DATA SUPPLIED START

(* Let $n \ge 2$, $L\ge 1$, let $\Lambda^l\subseteq[n]$ for $l\in[L]$, put $\Lambda:=\bigcup_{l\in[L]}\Lambda^l$, and let $\mathcal{A}_k^l$ be the Snuffy sparsity patterns $$\mathcal{A}_k^l = \{k\} \cup \begin{cases} [n] & \text{if } k \in \Lambda^l,\\ \Lambda^l & \text{otherwise.}\end{cases}$$ Suppose $|\Lambda| \ge \frac{n-1}{2}$. Then: (1) $k\in\mathcal{A}_k^l$ for all $k\in[n]$, $l\in[L]$; (2) there is a permutation $\gamma$ of $[n]$ such that for all $i\in[n-1]$, $\gamma(i)\in\bigcup_{l=1}^{L}\mathcal{A}^l_{\gamma(i+1)}$; (3) the directed graph on $[n]$ with an arc $k\to j$ whenever $j\in\mathcal{A}_k^l$ for some $l\in[L]$ is strongly connected (every patch attends to every other patch, directly or indirectly), and in fact any two vertices are joined by a directed path of length at most $2$.
   Context: $[a]=\{1,\dots,a\}$. The set $\mathcal{A}_k^l$ is the set of patches that patch $k$ attends to in layer $l$ of a sparse transformer. Conditions (1)–(3) are the sufficient conditions (from prior work) for a sparse transformer with a softmax-type probability map to be a universal approximator of sequence-to-sequence functions. *)

From mathcomp Require Import all_boot all_fingroup.
Set Implicit Arguments. Unset Strict Implicit. Unset Printing Implicit Defensive.

(* Patches [n] = {1..n} are represented by 'I_n = {0..n-1}; layers [L] by 'I_L.
   Lam l : {set 'I_n} is Lambda^l. *)

Definition LamU (n L : nat) (Lam : 'I_L -> {set 'I_n}) : {set 'I_n} :=
  \bigcup_(l < L) Lam l.

Definition snuffyA (n L : nat) (Lam : 'I_L -> {set 'I_n}) (l : 'I_L) (k : 'I_n)
  : {set 'I_n} :=
  k |: (if k \in Lam l then [set: 'I_n] else Lam l).

Definition snuffy_arc (n L : nat) (Lam : 'I_L -> {set 'I_n}) : rel 'I_n :=
  fun k j => [exists l : 'I_L, j \in snuffyA Lam l k].

From mathcomp Require Import all_boot all_fingroup.
From mathcomp Require Import zify.

Set Implicit Arguments.
Unset Strict Implicit.
Unset Printing Implicit Defensive.

(* Every patch of Lambda attends to everything, and every patch attends to
   Lambda; hence k -> j is an arc as soon as k or j lies in Lambda.  Any fixed
   m in Lambda (nonempty, as n >= 2) gives paths k -> m -> j.  For (2),
   alternate the patches outside Lambda with those inside it: this is possible
   exactly when n - |Lambda| <= |Lambda| + 1, and then every two consecutive
   patches include one of Lambda. *)

Section Interleave.
Variable T : eqType.

Fixpoint interleave (t s : seq T) : seq T :=
  match t with
  | [::] => s
  | x :: t' => x :: match s with [::] => t' | y :: s' => y :: interleave t' s' end
  end.

Lemma perm_interleave t s : perm_eq (interleave t s) (t ++ s).
Proof.
elim: t s => [|x t IH] [|y s] //=; rewrite ?cats0 // perm_cons.
by rewrite perm_sym -(cat1s y s) perm_catCA /= perm_cons perm_sym.
Qed.

Variable P : pred T.

Definition either : rel T := fun x y => P x || P y.

Lemma sorted_either_all s : all P s -> sorted either s.
Proof.
elim: s => [|x [|y s] IH] //= /andP[Px /andP[Py Ps]].
by rewrite {1}/either Px; apply: IH; rewrite /= Py.
Qed.

Lemma sorted_either_interleave t s :
  all P s -> size t <= (size s).+1 -> sorted either (interleave t s).
Proof.
elim: t s => [|x t IH] [|y s] //=.
- by move=> Ps _; exact: (@sorted_either_all (y :: s)).
- by case: t {IH}.
move=> /andP[Py Ps] size_ts; rewrite {1}/either Py orbT /=.
have := IH s Ps size_ts.
by case: (interleave t s) => [|z w] //= ->; rewrite /either Py andbT.
Qed.

End Interleave.

Lemma perm_ord_sorted n (x0 : 'I_n) (e : rel 'I_n) (s : seq 'I_n) :
  uniq s -> size s = n -> sorted e s ->
  exists g : {perm 'I_n}, forall i j : 'I_n, nat_of_ord j = i.+1 -> e (g i) (g j).
Proof.
move=> s_uniq size_s s_sorted.
have nth_inj : injective (fun i : 'I_n => nth x0 s i).
  by move=> i j /eqP; rewrite nth_uniq ?size_s // => /eqP /val_inj.
exists (perm nth_inj) => i j ji; rewrite !permE ji.
by apply: (sortedP x0 s_sorted); rewrite size_s -ji.
Qed.

Section SnuffyGraph.
Variables (n L : nat) (Lam : 'I_L -> {set 'I_n}).

Lemma snuffyA_id k l : k \in snuffyA Lam l k.
Proof. by rewrite /snuffyA !inE eqxx. Qed.

Lemma mem_bigcup_snuffyA k j :
  (j \in \bigcup_(l < L) snuffyA Lam l k) = snuffy_arc Lam k j.
Proof. by apply/bigcupP/existsP => [[l _ jA] | [l jA]]; exists l. Qed.

Lemma snuffy_arc_LamU k j :
  (k \in LamU Lam) || (j \in LamU Lam) -> snuffy_arc Lam k j.
Proof.
rewrite -mem_bigcup_snuffyA.
case/orP => /bigcupP[l _ lamL]; apply/bigcupP; exists l => //;
  rewrite /snuffyA !inE.
  by rewrite lamL inE orbT.
by case: ifP => _; rewrite ?inE ?lamL orbT.
Qed.

Lemma snuffy_arc_via m k j :
  m \in LamU Lam -> snuffy_arc Lam k m && snuffy_arc Lam m j.
Proof. by move=> mL; rewrite !snuffy_arc_LamU // mL ?orbT. Qed.

Lemma snuffy_chain (x0 : 'I_n) :
  n - 1 <= 2 * #|LamU Lam| ->
  exists g : {perm 'I_n}, forall i j : 'I_n, nat_of_ord j = i.+1 ->
    snuffy_arc Lam (g j) (g i).
Proof.
set A := LamU Lam => card_A.
have card_notA : #|~: A| <= #|A|.+1.
  by move: card_A; rewrite -[n in n - 1](card_ord n) -(cardsC A); lia.
set u := interleave (enum (~: A)) (enum A).
have perm_u : perm_eq u (enum (~: A) ++ enum A) by exact: perm_interleave.
have [|||g gP] := @perm_ord_sorted n x0 (either (mem A)) u.
- rewrite (perm_uniq perm_u) cat_uniq !enum_uniq /= andbT.
  by apply/hasPn => x; rewrite !mem_enum inE => ->.
- by rewrite (perm_size perm_u) size_cat -!cardE addnC cardsC card_ord.
- apply: sorted_either_interleave; first by apply/allP => x; rewrite mem_enum.
  by rewrite -!cardE.
exists g => i j ji; apply: snuffy_arc_LamU.
by rewrite orbC; exact: gP.
Qed.

End SnuffyGraph.

Theorem mainTheorem2 (n L : nat) (Lam : 'I_L -> {set 'I_n}) :
  2 <= n -> 1 <= L ->
  n - 1 <= 2 * #|LamU Lam| ->
  (* (1) *)
  (forall (k : 'I_n) (l : 'I_L), k \in snuffyA Lam l k) /\
  (* (2) *)
  (exists g : {perm 'I_n}, forall i j : 'I_n, nat_of_ord j = i.+1 ->
      g i \in \bigcup_(l < L) snuffyA Lam l (g j)) /\
  (* (3) strongly connected, with paths of length at most 2 *)
  (forall k j : 'I_n, connect (snuffy_arc Lam) k j) /\
  (forall k j : 'I_n,
      (k == j) || snuffy_arc Lam k j ||
      [exists m : 'I_n, snuffy_arc Lam k m && snuffy_arc Lam m j]).
Proof.
move=> n_ge2 _ card_Lam.
have [m mL] : exists m, m \in LamU Lam.
  by apply/set0Pn; rewrite -card_gt0; lia.
split; first exact: snuffyA_id.
split.
  have [g gP] := snuffy_chain m card_Lam.
  by exists g => i j ji; rewrite mem_bigcup_snuffyA; exact: gP.
split=> k j.
  case/andP: (snuffy_arc_via k j mL) => km mj.
  exact: connect_trans (connect1 km) (connect1 mj).
by apply/orP; right; apply/existsP; exists m; exact: snuffy_arc_via.
Qed.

DATA SUPPLIED END

EXERCISE AIM
Start with the line above that contains "Definition LamU (n" and stop after the line that contains "Definition snuffy_arc (n". Output those lines exactly, and only those.

RESPONSE FOR THIS EXERCISE
Definition LamU (n L : nat) (Lam : 'I_L -> {set 'I_n}) : {set 'I_n} :=
  \bigcup_(l < L) Lam l.

Definition snuffyA (n L : nat) (Lam : 'I_L -> {set 'I_n}) (l : 'I_L) (k : 'I_n)
  : {set 'I_n} :=
  k |: (if k \in Lam l then [set: 'I_n] else Lam l).

Definition snuffy_arc (n L : nat) (Lam : 'I_L -> {set 'I_n}) : rel 'I_n :=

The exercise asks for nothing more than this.